Dataset entries:
# # #
Lemma realize_map_real_pt p : real_pt S p -> real_pt T (realize_map f p).
Proof.
move=> pp; rewrite -(prism0 f f pp).
by apply: (prism_real_pt fST fST f_mono f_mono) => // x _; apply: fsubset_refl.
Qed.

Lemma cont_realize_map : @cont (realization S) (realization T) (realize_map f).
Proof.
have u0 : unit_interval (0 : R) by apply/andP; split; lra.
have := cont_comp (cont_slice S u0)
  (cont_prism fST fST f_mono f_mono (fun x _ => fsubset_refl (f x))).
by apply: cont_eq => p pp /=; apply: prism0 pp.
Qed.

End Monotone.
End RealizeMap.

Section Retract.
Variables (V : choiceType) (S T : fposet V) (f r : {fset V} -> {fset V}).
Hypothesis fST : forall x, S x -> T (f x).
Hypothesis rTS : forall x, T x -> S (r x).
Hypothesis f_mono : forall x y, S x -> S y -> x `<=` y -> f x `<=` f y.
Hypothesis r_mono : forall x y, T x -> T y -> x `<=` y -> r x `<=` r y.
Hypothesis rK : forall x, S x -> r (f x) = x.

Lemma realize_map_retract p : real_pt S p -> realize_map r (realize_map f p) = p.
Proof.
move=> pp; have [c [[u cS _] sp _ _]] := pp.
rewrite -(realize_map_comp _ _ pp).
transitivity (realize_map id p); last exact: realize_map_id pp.
rewrite !(realize_mapE _ u sp); apply: funext => y; apply: eq_big_seq => x xc /=.
by rewrite (rK (cS x xc)).
Qed.

Lemma poset_weak_equivalence_of_homotopy (H : ({fset V} -> R) * R -> {fset V} -> R) :
  @cont (prodI (realization T)) (realization T) H ->
  (forall q, real_pt T q -> H (q, 0) = realize_map f (realize_map r q)) ->
  (forall q, real_pt T q -> H (q, 1) = q) ->
  (forall p s, real_pt S p -> unit_interval s ->
    H (realize_map f p, s) = realize_map f p) ->
  poset_weak_equivalence S T f.
Proof.
move=> Hc H0 H1 Hf.
have fc := cont_realize_map fST f_mono; have rc := cont_realize_map rTS r_mono.
do 2!split => //; split => // n x px; split.
- move=> g [gc gb]; exists (realize_map r \o g).
    by split=> [|t ut bt /=]; [apply: cont_comp gc rc | rewrite gb // realize_map_retract].
  exists (fun z => H (g z.1, z.2)); split.
  + exact: cont_comp (cont_prodI gc) Hc.
  + by move=> t ut /=; rewrite H0 //; apply: gc.1.
  + by move=> t ut /=; rewrite H1 //; apply: gc.1.
  + by move=> t s ut bt us /=; rewrite gb // Hf // realize_map_retract.
- move=> h1 h2 [h1c _] [h2c _] [G [Gc G0 G1 Gb]].
  exists (realize_map r \o G); split.
  + exact: cont_comp Gc rc.
  + by move=> t ut /=; rewrite G0 //= realize_map_retract //; apply: h1c.1.
  + by move=> t ut /=; rewrite G1 //= realize_map_retract //; apply: h2c.1.
  + by move=> t s ut bt us /=; rewrite Gb //= realize_map_retract //; apply: h1c.1.
Qed.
# # #
WORK TO COMPLETE:
I would like you to return every entry exactly, with nothing changed.

OUTPUT FOR THIS EXERCISE:
Lemma realize_map_real_pt p : real_pt S p -> real_pt T (realize_map f p).
Proof.
move=> pp; rewrite -(prism0 f f pp).
by apply: (prism_real_pt fST fST f_mono f_mono) => // x _; apply: fsubset_refl.
Qed.

Lemma cont_realize_map : @cont (realization S) (realization T) (realize_map f).
Proof.
have u0 : unit_interval (0 : R) by apply/andP; split; lra.
have := cont_comp (cont_slice S u0)
  (cont_prism fST fST f_mono f_mono (fun x _ => fsubset_refl (f x))).
by apply: cont_eq => p pp /=; apply: prism0 pp.
Qed.

End Monotone.
End RealizeMap.

Section Retract.
Variables (V : choiceType) (S T : fposet V) (f r : {fset V} -> {fset V}).
Hypothesis fST : forall x, S x -> T (f x).
Hypothesis rTS : forall x, T x -> S (r x).
Hypothesis f_mono : forall x y, S x -> S y -> x `<=` y -> f x `<=` f y.
Hypothesis r_mono : forall x y, T x -> T y -> x `<=` y -> r x `<=` r y.
Hypothesis rK : forall x, S x -> r (f x) = x.

Lemma realize_map_retract p : real_pt S p -> realize_map r (realize_map f p) = p.
Proof.
move=> pp; have [c [[u cS _] sp _ _]] := pp.
rewrite -(realize_map_comp _ _ pp).
transitivity (realize_map id p); last exact: realize_map_id pp.
rewrite !(realize_mapE _ u sp); apply: funext => y; apply: eq_big_seq => x xc /=.
by rewrite (rK (cS x xc)).
Qed.

Lemma poset_weak_equivalence_of_homotopy (H : ({fset V} -> R) * R -> {fset V} -> R) :
  @cont (prodI (realization T)) (realization T) H ->
  (forall q, real_pt T q -> H (q, 0) = realize_map f (realize_map r q)) ->
  (forall q, real_pt T q -> H (q, 1) = q) ->
  (forall p s, real_pt S p -> unit_interval s ->
    H (realize_map f p, s) = realize_map f p) ->
  poset_weak_equivalence S T f.
Proof.
move=> Hc H0 H1 Hf.
have fc := cont_realize_map fST f_mono; have rc := cont_realize_map rTS r_mono.
do 2!split => //; split => // n x px; split.
- move=> g [gc gb]; exists (realize_map r \o g).
    by split=> [|t ut bt /=]; [apply: cont_comp gc rc | rewrite gb // realize_map_retract].
  exists (fun z => H (g z.1, z.2)); split.
  + exact: cont_comp (cont_prodI gc) Hc.
  + by move=> t ut /=; rewrite H0 //; apply: gc.1.
  + by move=> t ut /=; rewrite H1 //; apply: gc.1.
  + by move=> t s ut bt us /=; rewrite gb // Hf // realize_map_retract.
- move=> h1 h2 [h1c _] [h2c _] [G [Gc G0 G1 Gb]].
  exists (realize_map r \o G); split.
  + exact: cont_comp Gc rc.
  + by move=> t ut /=; rewrite G0 //= realize_map_retract //; apply: h1c.1.
  + by move=> t ut /=; rewrite G1 //= realize_map_retract //; apply: h2c.1.
  + by move=> t s ut bt us /=; rewrite Gb //= realize_map_retract //; apply: h1c.1.
Qed.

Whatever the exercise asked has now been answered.